### Work task
Wherever a line in the data below holds "with", copy that line.

*** Opening of Exercise material ***

(* Let $L$ be a torsion-free abelian group of rank 1, $L^\vee=\operatorname{Hom}(L,\mathbf{Q}/\mathbf{Z})$ and $\operatorname{Tor}(L^\vee)$ its torsion subgroup. Let $S$ be the set of primes $p$ for which $L$ is $p$-divisible, and $\mu_{(S)}=\bigoplus_{p\notin S}\mathbf{Q}_p/\mathbf{Z}_p\subset\mathbf{Q}/\mathbf{Z}$ (the roots of unity of order prime to every $p\in S$). For $\xi\in\operatorname{Hom}(L,\widehat{\mathbf{Z}})$ define $\xi^\vee:\mathbf{Q}/\mathbf{Z}\to L^\vee$ by $\xi^\vee(r)(x)=r\cdot\xi(x)\in\mathbf{Q}/\mathbf{Z}$ (using the natural $\widehat{\mathbf{Z}}$-module structure of $\mathbf{Q}/\mathbf{Z}$; this is the Pontryagin dual of $\xi$). Then the following are equivalent: (1) $\xi$ generates the $\widehat{\mathbf{Z}}$-module $\operatorname{Hom}(L,\widehat{\mathbf{Z}})$; (2) the restriction of $\xi^\vee$ to $\mu_{(S)}$ is an isomorphism $\mu_{(S)}\xrightarrow{\sim}\operatorname{Tor}(L^\vee)$. *)

From HB Require Import structures.
From mathcomp Require Import all_boot all_order all_algebra.
Set Implicit Arguments. Unset Strict Implicit. Unset Printing Implicit Defensive.
Import Order.TTheory GRing.Theory Num.Theory.
Local Open Scope ring_scope.

Definition torsion_free (L : zmodType) : Prop :=
  forall (x : L) (n : nat), (0 < n)%N -> x *+ n = 0 -> x = 0.

Definition rank_one (L : zmodType) : Prop :=
  (exists x : L, x != 0) /\
  forall x y : L, exists m n : int, (m != 0) || (n != 0) /\ x *~ m = y *~ n.

Definition p_divisible (L : zmodType) (p : nat) : Prop :=
  forall x : L, exists y : L, y *+ p = x.

(* ---------- Q/Z, represented by rationals modulo Z ---------- *)

Definition isint (r : rat) : bool := denq r == 1.

(* r (mod Z) lies in mu_(S): its order (= denominator of r) is prime to every
   prime p in S = { p | L is p-divisible } *)
Definition in_muS (L : zmodType) (r : rat) : Prop :=
  forall p : nat, prime p -> p_divisible L p -> ~~ (p %| `|denq r|)%N.

(* ---------- Zhat = lim Z/nZ, as compatible families (c n mod n)_{n>0} ---------- *)

Definition is_zhat (c : nat -> int) : Prop :=
  forall m n : nat, (0 < m)%N -> (0 < n)%N -> (m %| n)%N ->
    (c n == c m %[mod m])%Z.

Definition zhat_eq (c d : nat -> int) : Prop :=
  forall n : nat, (0 < n)%N -> (c n == d n %[mod n])%Z.

Definition zhat_add (c d : nat -> int) : nat -> int := fun n => c n + d n.
Definition zhat_mul (c d : nat -> int) : nat -> int := fun n => c n * d n.

Definition is_hom_zhat (L : zmodType) (xi : L -> nat -> int) : Prop :=
  (forall x, is_zhat (xi x)) /\
  (forall x y, zhat_eq (xi (x + y)) (zhat_add (xi x) (xi y))).

Definition generates_hom (L : zmodType) (xi : L -> nat -> int) : Prop :=
  forall eta : L -> nat -> int, is_hom_zhat eta ->
    exists c, is_zhat c /\ forall x, zhat_eq (eta x) (zhat_mul c (xi x)).

(* natural Zhat-module structure on Q/Z : c . (a/n) = (c_n a)/n  (mod Z) *)
Definition qz_act (c : nat -> int) (r : rat) : rat :=
  ((numq r * c `|denq r|%N)%:~R) / (denq r)%:~R.

(* ---------- L^vee = Hom(L, Q/Z), functions L -> Q taken mod Z ---------- *)

Definition is_dual (L : zmodType) (f : L -> rat) : Prop :=
  forall x y : L, isint (f (x + y) - f x - f y).

Definition dual_eq (L : zmodType) (f g : L -> rat) : Prop :=
  forall x : L, isint (f x - g x).

Definition in_tor_dual (L : zmodType) (f : L -> rat) : Prop :=
  is_dual f /\ exists n : nat, (0 < n)%N /\ forall x : L, isint (f x *+ n).

Definition xi_dual (L : zmodType) (xi : L -> nat -> int) (r : rat) : L -> rat :=
  fun x => qz_act (xi x) r.

Definition dual_restr_iso (L : zmodType) (xi : L -> nat -> int) : Prop :=
  [/\
      (forall r, in_muS L r -> in_tor_dual (xi_dual xi r)),
      (forall r s, in_muS L r -> in_muS L s ->
         dual_eq (xi_dual xi (r + s)) (fun x => xi_dual xi r x + xi_dual xi s x)),
      (forall r s, in_muS L r -> in_muS L s ->
         dual_eq (xi_dual xi r) (xi_dual xi s) -> isint (r - s)) &
      (forall f, in_tor_dual f -> exists r, in_muS L r /\ dual_eq f (xi_dual xi r))].

From mathcomp Require Import all_boot all_order all_algebra ring.
From Stdlib Require Import ClassicalEpsilon.
Set Implicit Arguments. Unset Strict Implicit. Unset Printing Implicit Defensive.
Import Order.TTheory GRing.Theory Num.Theory.
Local Open Scope ring_scope.

(* Fix a prime p outside S and u in L not divisible by p.  Rank one gives a
   coordinate x |-> a = n/d in Z_(p), where d x = n u, and composing it with
   Z_(p) -> Z_p in Zhat yields a homomorphism sending u to 1 in Z_p.  Writing it
   as c xi shows that a generator xi has xi(u) a unit in Z_p.  This makes xi^vee
   injective on mu_(S), and surjective onto characters of order p^a, which are
   determined by their value at u; characters of arbitrary order split into
   parts of coprime prime-power orders, the primes of S dropping out because L
   is divisible by them.  Conversely, if xi^vee is an isomorphism, solving
   xi^vee(c_n / n) = eta^vee(1 / n) for every n gives a compatible family
   c in Zhat with eta = c xi. *)

Lemma isintE (r : rat) : isint r = (r \is a Num.int).
Proof. by []. Qed.

Lemma Qint_fracE (z d : int) : d != 0 ->
  ((z%:~R / d%:~R : rat) \is a Num.int) = (d %| z)%Z.
Proof.
move=> d0; apply/idP/idP; last exact: Qint_dvdz.
move=> /intrP[k hk]; apply/dvdzP; exists k.
by apply: (@intr_inj rat); rewrite intrM -hk mulfVK ?intr_eq0.
Qed.

Lemma Qint_mulz_denqE (r : rat) (k : int) : (r * k%:~R \is a Num.int) = (denq r %| k)%Z.
Proof.
rewrite -{1}[r]divq_num_den mulrAC -intrM Qint_fracE ?denq_neq0 //.
by rewrite Gauss_dvdzr // coprimezE coprime_sym coprime_num_den.
Qed.

Lemma Qint_mulrn_denqE (r : rat) (n : nat) : (r *+ n \is a Num.int) = (denq r %| n%:Z)%Z.
Proof. by rewrite -Qint_mulz_denqE -mulr_natr. Qed.

Lemma denqD_dvd (r s : rat) : (denq (r + s) %| denq r * denq s)%Z.
Proof.
rewrite -Qint_mulz_denqE intrM mulrDl mulrA -numqE mulrCA -numqE.
by rewrite rpredD // rpredM // intr_int.
Qed.

Lemma prime_ndvd_denqD (p : nat) (r s : rat) : prime p ->
  ~~ (p %| `|denq r|)%N -> ~~ (p %| `|denq s|)%N -> ~~ (p %| `|denq (r + s)|)%N.
Proof.
move=> pp pr ps; apply/negP => /dvdn_trans/(_ (denqD_dvd r s)).
by rewrite abszM Euclid_dvdM // (negPf pr) (negPf ps).
Qed.

Lemma denqMz_dvd (r : rat) (z : int) : (denq (r * z%:~R) %| denq r)%Z.
Proof. by rewrite -Qint_mulz_denqE mulrAC -numqE -intrM intr_int. Qed.

Lemma denq_frac_dvd (z d : int) : (denq (z%:~R / d%:~R) %| d)%Z.
Proof.
have [->|d0] := eqVneq d 0; first by rewrite dvdz0.
by rewrite -Qint_mulz_denqE mulfVK ?intr_eq0 // intr_int.
Qed.

Lemma is_zhat_dvdE (c : nat -> int) (m n : nat) : is_zhat c ->
  (0 < m)%N -> (0 < n)%N -> (m %| n)%N -> (m%:Z %| c n)%Z = (m%:Z %| c m)%Z.
Proof.
by move=> hc m0 n0 mn; rewrite !(sameP dvdz_mod0P eqP) (eqP (hc m n m0 n0 mn)).
Qed.

Lemma qz_actE (c : nat -> int) (r : rat) : qz_act c r = r * (c `|denq r|%N)%:~R.
Proof. by rewrite /qz_act intrM mulrAC divq_num_den. Qed.

Lemma qz_act_mul (c : nat -> int) (r : rat) (k : nat) : is_zhat c -> (0 < k)%N ->
  (denq r %| k%:Z)%Z -> qz_act c r - r * (c k)%:~R \is a Num.int.
Proof.
move=> hc k0 dk; rewrite qz_actE -mulrBr -intrB Qint_mulz_denqE.
have d0 : (0 < `|denq r|)%N by rewrite absz_gt0 denq_neq0.
by rewrite -absz_denq -eqz_mod_dvd eq_sym; apply: hc; rewrite // -dvdzE absz_denq.
Qed.
Lemma affine_decomposition p (A : 'M[C]_p) (x y : C) : x + y != 0 ->
  let E := (x + y)^-1 *: (A + y *: 1%:M) in
  let F := (x + y)^-1 *: (- A + x *: 1%:M) in
  E + F = 1%:M /\ x *: E + (- y) *: F = A.
Proof.
move=> xy_neq0 E F.
have comb q r : q *: E + r *: F =
    (q - r) * (x + y)^-1 *: A + (x + y)^-1 * (q * y + r * x) *: 1%:M.
  rewrite /E /F !scalerA !scalerDr !scalerN !scalerA -!scaleNr addrACA.
  by rewrite -!scalerDl; congr (_ *: _ + _ *: _); ring.
split.
- have := comb 1 1; rewrite !scale1r => ->.
  have -> : (x + y)^-1 * (1 * y + 1 * x) = 1 by rewrite !mul1r [y + x]addrC mulVf.
  by rewrite subrr mul0r scale0r add0r scale1r.
- rewrite comb; have -> : (x - - y) * (x + y)^-1 = 1 by rewrite opprK mulfV.
  have -> : (x + y)^-1 * (x * y + - y * x) = 0.
    by rewrite mulNr [y * x]mulrC subrr mulr0.
  by rewrite scale1r scale0r addr0.
Qed.

Lemma qf_shift_ge0 p (X P M : 'M[C]_p) (c : C) (v : 'cV[C]_p) :
  X = P - M -> psdmx P -> (forall v, qf v M <= c * qf v 1%:M) ->
  0 <= qf v (X + c *: 1%:M).
Proof.
move=> -> [_ P_ge0] M_le; rewrite qfD qfB qfZ -addrA.
by apply: addr_ge0; [exact: P_ge0 | rewrite addrC subr_ge0].
Qed.

Lemma psd_resolution p (A Ap Am : 'M[C]_p) (a b : R) : 0 < a -> 0 < b ->
  is_herm A -> A = Ap - Am -> psdmx Ap -> psdmx Am ->
  (forall v, qf v Ap <= a%:C * qf v 1%:M) -> (forall v, qf v Am <= b%:C * qf v 1%:M) ->
  exists E F, [/\ psdmx E, psdmx F, E + F = 1%:M & a%:C *: E + (- b%:C) *: F = A].
Proof.
move=> a_gt0 b_gt0 hA AE psdAp psdAm Ap_le Am_le.
have ab_neq0 : a%:C + b%:C != 0 :> C.
  rewrite -rmorphD; apply/eqP => /complexI ab0.
  by move: (addr_gt0 a_gt0 b_gt0); rewrite ab0 ltxx.
have [EF AE'] := affine_decomposition A ab_neq0.
set s := (a%:C + b%:C)^-1 in EF AE'.
have sE : s = ((a + b)^-1)%:C by rewrite /s -rmorphD fmorphV.
have s_ge0 : 0 <= s by rewrite sE ler0c invr_ge0 addr_ge0 // ltW.
have s_real : Num.conj s = s by rewrite sE conj_realC.
have h1 : is_herm (1%:M : 'M[C]_p) := @herm1 R p.
exists (s *: (A + b%:C *: 1%:M)), (s *: (- A + a%:C *: 1%:M)); split=> //.
- split; first exact: hermZ s_real (hermD hA (hermZ (conj_realC b) h1)).
  move=> v; rewrite -/(qf _ _) qfZ; apply: mulr_ge0; first exact: s_ge0.
  exact: qf_shift_ge0 v AE psdAp Am_le.
- split; first exact: hermZ s_real (hermD (hermN hA) (hermZ (conj_realC a) h1)).
  move=> v; rewrite -/(qf _ _) qfZ; apply: mulr_ge0; first exact: s_ge0.
  by apply: qf_shift_ge0 v _ psdAm Ap_le; rewrite AE opprB.
Qed.

End Resolution.

Section Reduction.
Variable R : realType.
Local Notation C := R[i].

Variables (mu : forall n : nat, 'M[C]_n -> R) (n : nat) (A Ap Am : 'M[C]_n).
Arguments mu : clear implicits.
Hypotheses (muP : PU_monotone mu) (hA : is_herm A).
Hypotheses (not_psd : ~ psdmx A) (not_nsd : ~ psdmx (- A)).
Hypotheses (psdAp : psdmx Ap) (psdAm : psdmx Am).
Hypotheses (AE : A = Ap - Am) (ApAm : Ap *m Am = 0).

(* Every matrix of dimension 0 is PSD, so A lives in positive dimension. *)
Lemma dim_gt0 : (0 < n)%N.
Proof.
rewrite lt0n; apply/eqP => n0; apply: not_psd; split; first exact: hA.
move=> v; rewrite mxE big1; first exact: lexx.
move=> i _; suff : (i < 0)%N by rewrite ltn0.
by rewrite -n0.
Qed.

(* Both parts are nonzero, since A is neither positive nor negative. *)
Lemma opnorm_parts_gt0 : 0 < opnorm Ap /\ 0 < opnorm Am.
Proof.
have [_ [a_ge0 _ _ Ap_le]] := psd_opnorm_eigen dim_gt0 psdAp.
have [_ [b_ge0 _ _ Am_le]] := psd_opnorm_eigen dim_gt0 psdAm.
have negAE : - A = Am - Ap by rewrite AE opprB.
split.
- rewrite lt0r a_ge0 andbT; apply/eqP => norm0.
  case: not_nsd; split; first exact: hermN.
  move=> v; have := qf_shift_ge0 v negAE psdAm Ap_le.
  by rewrite norm0 scale0r addr0.
- rewrite lt0r b_ge0 andbT; apply/eqP => norm0.
  case: not_psd; split; first exact: hA.
  move=> v; have := qf_shift_ge0 v AE psdAp Am_le.
  by rewrite norm0 scale0r addr0.
Qed.

Let D : 'M[C]_2 := diag2 (opnorm Ap)%:C (- (opnorm Am)%:C).

(* Compressing A to the top eigenvectors of A_+ and A_- yields D. *)
Lemma mu_diag2_le : mu 2 D <= mu n A.
Proof.
have [a_gt0 b_gt0] := opnorm_parts_gt0.
have [u [_ u1 Apu _]] := psd_opnorm_eigen dim_gt0 psdAp.
have [w [_ w1 Amw _]] := psd_opnorm_eigen dim_gt0 psdAm.
have AmAp : Am *m Ap = 0.
  by rewrite -(psd_herm psdAm) -(psd_herm psdAp) -adjmxM ApAm adjmx0.
have Au : A *m u = (opnorm Ap)%:C *: u.
  by rewrite AE mulmxBl Apu (eigen_annihilated a_gt0 AmAp Apu) subr0.
have Aw : A *m w = (- (opnorm Am)%:C) *: w.
  by rewrite AE mulmxBl Amw (eigen_annihilated b_gt0 ApAm Amw) sub0r scaleNr.
have := @muP n 2 _ dim_gt0 isT (compress_PU u1 w1) A hA.
by rewrite (qf_eigen Au) (qf_eigen Aw) u1 w1 !mulr1.
Qed.
Definition ffun_set (g : {ffun I -> I}) (c x : I) : {ffun I -> I} :=
  [ffun j => if j == c then x else g j].

Lemma ffun_setE g c x j : ffun_set g c x j = if j == c then x else g j.
Proof. by rewrite ffunE. Qed.

(* An assignment of the first k+1 columns onto v sending column k to row i
   is exactly an assignment of the first k columns onto v \ {i}, extended
   by k |-> i. *)
Lemma assignments_step k (lt_kn : (k < n)%N) (v : {set I}) i g :
  i \in v -> #|v| = k.+1 ->
  let c := Ordinal lt_kn in
  (ffun_set g c c \in assignments k (v :\ i))
    && (ffun_set (ffun_set g c c) c i == g)
  = (g \in assignments k.+1 v) && (g c == i).
Proof.
move=> iv card_v c.
have -> : (ffun_set (ffun_set g c c) c i == g) = (g c == i).
  apply/eqP/eqP => [<-|gc]; first by rewrite ffun_setE eqxx.
  by apply/ffunP => j; rewrite !ffun_setE; case: eqP => // ->.
case: eqP => gc; last by rewrite !andbF.
rewrite !andbT !inE; congr (_ && _).
  apply/forallP/forallP => fixed j; have := fixed j; rewrite ffun_setE.
    case: (j =P c) => [-> _|jc h]; first by rewrite /= ltnn.
    by apply/implyP => kj; exact: (implyP h (ltnW kj)).
  case: (j =P c) => [-> _|jc h]; first by rewrite eqxx implybT.
  apply/implyP => kj; apply: (implyP h); rewrite ltn_neqAle kj andbT.
  by apply/eqP => kj2; apply: jc; apply: val_inj; rewrite /= -kj2.
have -> : [set ffun_set g c c x | x in first_cols k] = [set g x | x in first_cols k].
  apply: eq_in_imset => j; rewrite inE ffun_setE => jk.
  by case: eqP => // jc; move: jk; rewrite jc /= ltnn.
rewrite (first_colsS lt_kn) imsetU1 gc.
have card_img : (#|[set g x | x in first_cols k]| <= k)%N.
  by apply: leq_trans (leq_imset_card _ _) _; rewrite card_first_cols // ltnW.
apply/eqP/eqP => [->|img_v]; first by rewrite setD1K.
have i_img : i \notin [set g x | x in first_cols k].
  apply/negP => i_img; move: img_v; rewrite (setUidPr _) ?sub1set // => img_v.
  by move: card_img; rewrite img_v card_v ltnn.
by rewrite -img_v setU1K.
Qed.

Variable R : comNzRingType.
Variable B : 'M[R]_n.

Lemma flow_assignments k (v : {set I}) : (k <= n)%N -> #|v| = k ->
  flow_aux B k v = \sum_(g in assignments k v) \prod_(j in first_cols k) B (g j) j.
Proof.
elim: k v => [|k IHk] v le_kn card_v.
  have -> : v = set0 by apply: cards0_eq.
  have -> : assignments 0 set0 = [set [ffun j => j]].
    apply/setP => g; rewrite !inE first_cols0 imset0 eqxx andbT.
    apply/forallP/eqP => [fixed|->]; last by move=> j; rewrite ffunE eqxx.
    by apply/ffunP => j; rewrite ffunE; apply/eqP; exact: fixed j.
  by rewrite big_set1 first_cols0 big_set0.
set c : I := Ordinal le_kn.
rewrite /= (eq_bigr (fun i => B i c *
    \sum_(h in assignments k (v :\ i)) \prod_(j in first_cols k) B (h j) j)); last first.
  move=> i iv; rewrite (col_of_ord c) IHk ?(ltnW le_kn) //.
  by move: card_v; rewrite (cardsD1 i v) iv add1n => -[].
rewrite (partition_big (fun g : {ffun I -> I} => g c) (mem v)) /=; last first.
  move=> g; rewrite inE => /andP [_ /eqP <-]; apply/imsetP; exists c => //.
  by rewrite inE /= ltnSn.
apply: eq_bigr => i iv; rewrite mulr_sumr.
rewrite (reindex_onto (fun g => ffun_set g c c) (fun h => ffun_set h c i)); last first.
  move=> h; rewrite inE => /andP [/forallP fixed _]; apply/ffunP => j.
  rewrite !ffun_setE; case: eqP => // ->.
  by apply/esym/eqP; have := fixed c; rewrite /= leqnn.
apply: eq_big => g; first exact: assignments_step.
case/andP=> _ /eqP gc.
rewrite (first_colsS le_kn) big_setU1 /=; last by rewrite inE /= ltnn.
have -> : g c = i by rewrite -gc ffun_setE eqxx.
congr (_ * _); apply: eq_bigr => j; rewrite inE ffun_setE => jk.
by case: eqP => // jc; move: jk; rewrite jc /= ltnn.
Qed.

*** Close of Exercise material ***

### Answer to this task
   coordinate x |-> a = n/d in Z_(p), where d x = n u, and composing it with
   c in Zhat with eta = c xi. *)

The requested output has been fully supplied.